Portrait of My Father
Photo and text courtesy & copyright
Robert Olszewski and OlszewskiStudios.COM.

Caption by Robert Olszewski

As far as I'm concerned, this house had it all.  The two-story red brick house sat on the front third of a huge country lot and had a commanding view of the fields and woods across the road which led down towards the Allegheny River.  Our side of the road was sparsely populated with homes, but the other side of the road was au natural for miles either way.  The land sloped away from us and down the mountain to the river.

My brother Ray and I shared the large second story bedroom that had a window facing our neighbors, the Lynch family, to the right.  Next to our bedroom was a second smaller room that had a tiny window that faced the woods and connecting all of this to the stairway was an open hallway type area with a window that faced the left side of the property.  These 3 windows became my portals to the world.  The visual world I live in today, how I see things as an artist, began here.

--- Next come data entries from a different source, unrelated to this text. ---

Theorem theorem7p3 (R : realType) (M : choiceType) (tau : M -> M -> R) (tau0 : R)
  (Phi : nat -> {poly R})
  (htau0 : forall u, tau u u = tau0)
  (htau_sym : forall u v, tau u v = tau v u)
  (hPhi_deg : forall k, size (Phi k) = k.+1)
  (hPhi_1 : forall k, (Phi k).[tau0] = 1)
  (hPhi_psd : forall (k N : nat) (pts : 'I_N -> M),
      psd (\matrix_(i < N, j < N) (Phi k).[tau (pts i) (pts j)]))
  (a b : R) (hab : a < b) (htau0ab : ~ (a <= tau0 <= b))
  (m : nat) (hm : (1 <= m)%N)
  (r : nat) (q : 'I_r -> M)
  (Pi : set M) (d : nat) (Pis : 'I_d -> set M)
  (hdisj : forall i j : 'I_d, i != j -> Pis i `&` Pis j = set0)
  (hcover : Pi `<=` \bigcup_(j in [set: 'I_d]) Pis j)
  (al be : 'I_r -> 'I_d -> R)
  (halbe : forall i j, al i j <= be i j)
  (hy_bnd : forall i j u, Pis j u -> al i j <= tau (q i) u <= be i j)
  (aa bb : 'I_d -> 'I_d -> R)
  (haabb : forall i j : 'I_d, (i <= j)%N -> aa i j <= bb i j)
  (hx_bnd : forall (i j : 'I_d) u v, (i <= j)%N -> Pis i u -> Pis j v -> u <> v ->
      a <= tau u v <= b -> aa i j <= tau u v <= bb i j)
  (Acons : (nat -> 'I_d -> 'I_d -> R) -> (nat -> 'I_r -> 'I_d -> R) -> Prop)
  (hA : forall C : seq M,
      is_code tau (S_of tau a b) C ->
      (forall u, u \in C -> Pi u) ->
      Acons (xC tau Pis C) (yC tau q Pis C)) :
  (A_code tau Pi (S_of tau a b)
   <= c_star tau m q Phi tau0 al be aa bb Acons)%E.
Proof.
apply: ge_ereal_sup => _ [C [C_code C_Pi] <-].
apply: ereal_sup_ubound; exists (part_size Pis C); last first.
  by rewrite (size_part_sum R hdisj) // => v /C_Pi /hcover[j _ vj]; exists j.
exists (xC tau Pis C), (yC tau q Pis C).
split; [|split; [|split; [|split; [|split; [|split]]]]].
- exact: xC_sym.
- by move=> k _; apply: Gamma_code_psd => //; [rewrite hPhi_deg | apply: hPhi_psd].
- by move=> i j; apply: Hm_power_sum_psd => v _; rewrite in_setE; apply: hy_bnd.
- move=> i j ij; apply: (Hm_xC_psd _ C_code hdisj); first by rewrite neq_ltn ij.
  by move=> u v; apply: hx_bnd; apply: ltnW.
- by move=> i; apply: (Hm_xC_diag_psd _ C_code htau0) => u v; apply: hx_bnd.
- exact: hA.
- by split; [exact: yC0 | exact: part_size_ge0 | exact: moment_code_psd].
Qed.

Of the 3 windows, the one at the end of the hallway was my favorite.  For some reason, it was low enough architecturally, to allow me to sit on the floor and comfortably lean on the window sill, giving a little boy, a commanding view of the fields, woods and the road that disappeared up over the hill.  Even better, the gravel driveway was on this side leading up to the garage and this is where I could watch everyone come and go.  So, the whole second story was ours and I spent my time checking out the world going from window to window.

Sometimes I would look out and see my dad, shirt off cutting the grass.  Sometimes I would look out and see the land filled up with snow.  I was maybe 4 years old when this began and about 8 when it came to an end.  In 1955, Mom and Dad decided to sell their home and temporarily move into an apartment in Birdville with the idea of building another home in the near future.  My happy feelings about this time were captured in this painting I did some years later.  "Portrait of My Father" hangs in the entryway of our home and it makes me happy to see it each day.